В тот день Режининья заметила, что три женщины из швейной мастерской, которые занимались наволочками и пододеяльниками, отлынивали от работы и часто отлучались на перекуры. Одну из них поймали, но она ни под каким предлогом не сдала тех, кто ходил с ней, что привело к дополнительным часам за работой, многочисленным вызовам «на ковер» и помещением в карцер тех, кого удалось «расколоть». Допрос не обошел и Режининью, которую надзирательница начала допрашивать притворно вежливо, показывая расположение:

— Да Коста, ты работаешь в швейной мастерской, верно? Можешь сказать, кто, кроме Сандры Насименту, отлучались сегодня с рабочего места? Скажи, она ведь не одна была? Если не знаешь имен и фамилий, опиши внешность хотя бы.

— Я не знаю, — без единой тени сомнения ответила Режининья. Конечно, мыслительные процессы в истерзанном наркотиками мозгу пострадали, пусть и не в полной мере, но оставалась какая-то житейская память, интуитивное понимание того, как выжить в тюремном мире. Нельзя сдавать своих — вот первое правило этого жестокого общества. — Настолько была вовлечена в работу, что не видела ничего вокруг себя. Я же хочу научиться быстро и качественно шить.
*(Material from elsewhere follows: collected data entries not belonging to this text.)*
Lemma indep_aug I J : indep I -> indep J -> #|` I| < #|` J| ->
  exists2 x, x \in J `\` I & indep (x |` I).
Proof.
move=> indI indJ ltIJ; have [matM _ _] := famM.
have wfIJ : wf_edges (I `|` J).
  by move=> e; rewrite in_fsetU => /orP [/(indep_wf indI)|/(indep_wf indJ)].
have [_ _ _ aug] := matM (edge_graph (I `|` J)).
have MI : M (edge_graph (I `|` J)) I by rewrite M_indep edge_graphE ?fsubsetUl.
have MJ : M (edge_graph (I `|` J)) J by rewrite M_indep edge_graphE ?fsubsetUr.
by have [x xJI] := aug I J MI MJ ltIJ; rewrite M_indep => /andP [_]; exists x.
Qed.

Lemma indep_edge_map (phi : nat -> nat) S : wf_edges S ->
  {in verts S &, injective phi} -> indep [fset edge_map phi e | e in S] = indep S.
Proof.
move=> wfS inj; have [_ isoM _] := famM.
have [_ _ indE] := isoM _ _ _ (edge_graph_iso wfS inj).
by rewrite /indep [RHS]indE ?edge_graphE.
Qed.

Lemma star_iso w L w' L' : w \notin L -> w' \notin L' -> #|` L| = #|` L'| ->
  indep (star w L) = indep (star w' L').
Proof.
move=> wL wL' LL'; have [f injf fL] := fset_bij 0 LL'.
pose phi v := if v == w then w' else f v.
have phiw : phi w = w' by rewrite /phi eqxx.
have phiL : [fset phi l | l in L] = L'.
  rewrite -fL; apply: eq_in_imfset => l lL; rewrite /phi.
  by case: eqP => // lw; move: wL; rewrite -lw lL.
have phiLw' l : l \in L -> phi l != w'.
  by move=> lL; rewrite -phiL in wL'; apply: contraNneq wL' => <-; apply: in_imfset.
have inj : {in verts (star w L) &, injective phi}.
  move=> a b /(fsubsetP (verts_star w L)) + /(fsubsetP (verts_star w L)).
  rewrite !in_fset1U => /orP [/eqP ->|aL] /orP [/eqP ->|bL] //.
  - by move=> eqw'; move: (phiLw' b bL); rewrite -eqw' phiw eqxx.
  - by move=> eqw'; move: (phiLw' a aL); rewrite eqw' phiw eqxx.
  have [aw bw] : a != w /\ b != w by split; apply: contraNneq wL => <-.
  by rewrite /phi (negbTE aw) (negbTE bw); apply: injf.
by rewrite -(indep_edge_map (star_wf wL) inj) edge_map_star phiL phiw.
Qed.

Lemma spanning_of_dep_stars k :
  (forall w L, w \notin L -> #|` L| = k -> indep (star w L)) ->
  (forall w L, w \notin L -> #|` L| = k.+1 -> ~~ indep (star w L)) ->
  exists2 I, indep I & forall g : edge, g.1 < g.2 -> spanned indep I g.
Proof.
move=> indk depk; pose W := iota_fset 0 k; pose L := iota_fset k k.
have [cardW cardL] : #|` W| = k /\ #|` L| = k by rewrite !card_iota_fset.
have WL a : a \in W -> a \notin L by rewrite !in_iota_fset; lia.
(* A basis of K_{k,k} spans its k-stars, hence every edge at a vertex of W,
   hence every edge. *)
pose S := [fset mkedge a b | a in W, b in L].
have [I [_ indI spanS]] := basis_spanning S indep0.
have spanW a x : a \in W -> x != a -> spanned indep I (mkedge a x).
  move=> aW xa; case: (boolP (x \in L)) => xL; first by apply: spanS; apply: in_imfset2.
  apply: (spanned_dep indepS indep_aug indI (indk _ _ (WL a aW) cardL)).
    by move=> _ /imfsetP [l /= lL ->]; apply: spanS; apply: in_imfset2.
  by rewrite -starU1 depk // ?cardfsU1 ?xL ?cardL // in_fset1U negb_or eq_sym xa WL.
exists I => // g g12; have g21 : g.2 != g.1 by rewrite neq_ltn g12 orbT.
case: (boolP (g.1 \in W)) => g1W; first by rewrite -(mkedge_id g12); apply: spanW.
case: (boolP (g.2 \in W)) => g2W.
  by rewrite -(mkedge_id g12) mkedgeC; apply: spanW; rewrite // eq_sym.
apply: (spanned_dep indepS indep_aug indI (indk _ _ g1W cardW)).
  move=> _ /imfsetP [a /= aW ->]; rewrite mkedgeC; apply: spanW => //.
  by apply: contraNneq g1W => ->.
rewrite -{1}(mkedge_id g12) -starU1 depk // ?cardfsU1 ?g2W ?cardW //.
by rewrite in_fset1U negb_or eq_sym g21.
Qed.

Hypothesis unbM : unbounded_family M.

Lemma indep_large k : exists2 J, indep J & k <= #|` J|.
Proof.
have [n] := unbM k; rewrite /mrank; set E := gE (K n) => rankE.
have [/hasP [J _ /andP [MJ kJ]]|/hasPn small] :=
  boolP (has (fun J => M (K n) J && (k <= #|` J|)) (fpowerset E)).
  by rewrite M_indep in MJ; case/andP: MJ => _; exists J.
case: k rankE small => [|k] rankE small; first by exists fset0; rewrite ?indep0.
suff : \max_(J <- fpowerset E | M (K n) J) #|` J| <= k.
  by move/(leq_trans rankE); rewrite ltnn.
by apply/bigmax_leqP_seq => J JE MJ; move: (small J JE); rewrite MJ -ltnNge.
Qed.

Lemma no_spanning_indep I :
  indep I -> ~ (forall g : edge, g.1 < g.2 -> spanned indep I g).
Proof.
move=> indI spanI; have [J indJ] := indep_large #|` I|.+1.
have := card_spanned indep_aug indI indJ (fun g gJ => spanI g (indep_wf indJ gJ)).
by rewrite leqNgt => /negP.
Qed.

Lemma star_indep w L : w \notin L -> indep (star w L).
Proof.
move=> wL; move def_k: #|` L| => k; elim: k w L wL def_k => [|k IH] w L wL cardL.
  by move/eqP: cardL; rewrite cardfs_eq0 => /eqP ->; rewrite /star imfset0 indep0.
apply/negPn/negP => depL.
have depk w' L' : w' \notin L' -> #|` L'| = k.+1 -> ~~ indep (star w' L').
  by move=> w'L' cardL'; rewrite -(star_iso wL w'L') ?cardL.
have [I indI spanI] := spanning_of_dep_stars IH depk.
exact: no_spanning_indep indI spanI.
Qed.

Lemma indep_pendant_relabel F x y z : wf_edges F -> x != y -> x != z ->
  y \notin verts F -> z \notin verts F ->
  indep (mkedge x y |` F) = indep (mkedge x z |` F).
Proof.
move=> wfF xy xz yF zF; pose phi v := if v == y then z else if v == z then y else v.
have inj : injective phi by move=> a b; rewrite /phi; do ! case: eqP; lia.
have wfxyF := wf_edgesU1 (mkedge_lt xy) wfF.
have phiF v : v \in verts F -> phi v = v.
  move=> vF; rewrite /phi; case: eqP => [vy|_]; first by move: yF; rewrite -vy vF.
  by case: eqP => // vz; move: zF; rewrite -vz vF.
rewrite -(indep_edge_map wfxyF (in2W inj)) imfsetU1 edge_map_mkedge.
have -> : phi x = x by rewrite /phi (negbTE xy) (negbTE xz).
have -> : phi y = z by rewrite /phi eqxx.
congr (indep (_ |` _)); rewrite -[RHS]imfset_id; apply: eq_in_imfset => e eF.
by rewrite /edge_map !phiF ?verts1 ?verts2 ?mkedge_id ?wfF.
Qed.

Lemma indep_pendant F x y : indep F -> x != y -> y \notin verts F ->
  indep (mkedge x y |` F).
Proof.
move=> indF xy yF.
(* The star at x on #|F| + 1 fresh leaves is independent and lends F an edge. *)
pose Z := iota_fset (fresh (x |` verts F)) #|` F|.+1.
have ZxF z : z \in Z -> z \notin x |` verts F.
  rewrite in_iota_fset => /andP [freshz _]; apply/negP => /fresh_gt; lia.
have xZ : x \notin Z := contraL (ZxF x) (fset1U1 x _).
have [|t /fsetDP [/imfsetP [z /= zZ ->] _]] := indep_aug indF (star_indep xZ).
  by rewrite card_star // card_iota_fset.
have := ZxF z zZ; rewrite in_fset1U negb_or eq_sym => /andP [xz zF].
by rewrite (indep_pendant_relabel (indep_wf indF) xy xz yF zF).
Qed.

Lemma bridge_swap_iso G e x y : bridge (gE G) (M G) e -> x != y -> y \notin gV G ->
  let f := mkedge x y in let H := edge_graph (f |` (gE G `\ e)) in
  matroid_iso (gE G) (M G) (gE H) (M H) (fun g => if g == e then f else g).
Proof.
move=> bridge_e xy yG f H; have [eG _] := bridge_e.
have fG : f \notin gE G.
  by apply: contra yG => fG; apply/vertsP; exists f; rewrite // mkedge_ends eqxx orbT.
have HE : gE H = f |` (gE G `\ e).
  exact/edge_graphE/wf_edgesU1/(wf_edgesS (fsubsetDl _ _) (@wf_edges_gE G))/mkedge_lt.
split.
- move=> a b aG bG; case: eqP => [->|_]; case: eqP => [->|_] //.
    by move=> fb; move: fG; rewrite fb bG.
  by move=> af; move: fG; rewrite -af aG.
- by rewrite imfset_replace eG HE.
move=> F FG; rewrite imfset_replace !M_indep FG HE /=; case: ifP => eF; last first.
  by rewrite fsubsetU // fsubsetD1 FG eF orbT.
rewrite fsetUS ?fsetSD //=; apply/idP/idP => [indF|indfF].
  apply: indep_pendant (indepS (fsubsetDl _ _) indF) xy _.
  by apply: contra yG; apply/fsubsetP/vertsS/(fsubset_trans _ FG)/fsubsetDl.
have FeG : F `\ e `<=` gE G := fsubset_trans (fsubsetDl _ _) FG.
have [matM _ _] := famM; have := bridge_indepD1 (matM G) bridge_e FG.
by rewrite !M_indep FG FeG (indepS (fsubsetU1 _ _) indfF) => /(_ isT).
Qed.

Lemma bridge_new_ends G e x y : reconstructible M G -> bridge (gE G) (M G) e ->
  x != y -> y \notin gV G ->
  new_ends (verts (gE G `\ e)) e = ((x \notin verts (gE G `\ e)) + 1)%N.
Proof.
move=> recG bridge_e xy yG; have [eG _] := bridge_e.
(* Count the vertices of G = (G - e) + e and of (G - e) + xy. *)
have [phi [[inj img _] _]] := recG _ _ (bridge_swap_iso bridge_e xy yG).
set X := gE G `\ e in img *; set f := mkedge x y in img.
have wfX : wf_edges X := wf_edgesS (fsubsetDl _ _) (@wf_edges_gE G).
have cardV : #|` verts (gE (edge_graph (f |` X)))| = #|` verts (gE G)|.
  by rewrite -[verts (gE (edge_graph _))]/(gV _) -img card_in_imfset.
rewrite edge_graphE in cardV; last exact/wf_edgesU1/wfX/mkedge_lt.
rewrite -[gE G](fsetD1K eG) in cardV.
have yX : y \notin verts X by apply: contra yG; apply/fsubsetP/vertsS/fsubsetDl.
move: cardV; rewrite !card_vertsU1 ?new_ends_mkedge ?yX; last 2 first.
- by rewrite neq_ltn (wf_edges_gE eG).
- by rewrite neq_ltn mkedge_lt.
by move/addIn.
Qed.

End GraphMatroidFamily.

Unset Implicit Arguments.

Theorem lemma3p1 (M : graph -> {fset edge} -> bool) (G : graph) :
  graph_matroid_family M -> unbounded_family M ->
  reconstructible M G -> 2 <= #|` gE G| ->
  bridgeless (gE G) (M G).
Proof.
move=> famM unbM recG cardE e bridge_e; have [eG _] := bridge_e.
set X := gE G `\ e.
have [g gX] : exists g, g \in X.
  by apply/fset0Pn; rewrite -cardfs_eq0 /X; move: cardE; rewrite (cardfsD1 e) eG; lia.
have XG : {subset verts X <= gV G} by apply/fsubsetP/vertsS/fsubsetDl.
pose c := fresh (gV G).
have cG : c \notin gV G by apply/negP => /fresh_gt; rewrite ltnn.
have c1X : c.+1 \notin verts X by apply/negP => /XG /fresh_gt; lia.
have g1c : g.1 != c by apply: contraNneq cG => <-; apply/XG/verts1.
have new_ends_e := bridge_new_ends famM unbM recG bridge_e.
have [ends1|] := eqVneq (new_ends (verts X) e) 1.
  by have := new_ends_e c.+1 c (negbT (gtn_eqF (ltnSn c))) cG; rewrite ends1 c1X.
by rewrite (new_ends_e g.1 c) // verts1.
Qed.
— Уверена? — теперь в голосе надзирательницы не было ни капли доверия и показной теплоты, лишь подозрение и снисходительность, однако Режининья кивнула, продолжая с вызовом смотреть тюремщице в глаза. — Ладно, иди отсюда, видно, что из-за наркотиков ты плохо соображаешь. Но учти, что я буду следить за тобой, — и Режининья покинула пост охраны, внутренне дрожа от страха. Ей не хотелось попасть в карцер в качестве наказания — одиночество казалось чем-то более страшным, чем ломка или возвращение к наркотикам. Режина поймала себя на мысли, что ей не хватает общения, а покрытие нарушительниц могло быть попыткой подружиться хоть с кем-нибудь. Следующим вечером, когда у всех было свободное время, Режининья сидела, привалившись к стене и наслаждаясь закатным солнцем, и не сразу услышала, как ее окликнули:

— Кудряшка! Эй, Кудряшка, к тебе обращаюсь, — голос был сиплым и тихим. Режининья обернулась и увидела одну из женщин, которая бегала курить во время рабочих часов. Была Сандра Насименту высокой, худой, со спутанными длинными волосами и следами былой красоты — на воле такая могла бы стать моделью, но здесь была всего лишь приближенной к одной из «старших». — Возьми, это от Бьянки, — именно так звали эту «старшую», как знала Режининья. — Мы помним тех, кто не сдал наших, и видим, как тебя ломает. Должно стать легче, только не кури в камере, иначе могут сдать. Лучше прямо сейчас, пока никто особо не смотрит, — Сандра протянула собеседнице небольшой сверток и села рядом. Режининья же развернула бумагу и увидела белые кусочки, напоминающие хрупкий пластик, а также самодельную трубку и дешевую зажигалку из тюремной лавки. Крэк, поняла девушка. Немедленно захотелось покурить, что Режининья и сделала. Тотчас же ей стало настолько плохо, как не было никогда. Горло сдавило железной хваткой, язык и нёбо скрутило от горечи, и началась одышка и кашель. Сандра в это время держала Режину за руку, пока та не прокашлялась и не сделала глубокий вдох.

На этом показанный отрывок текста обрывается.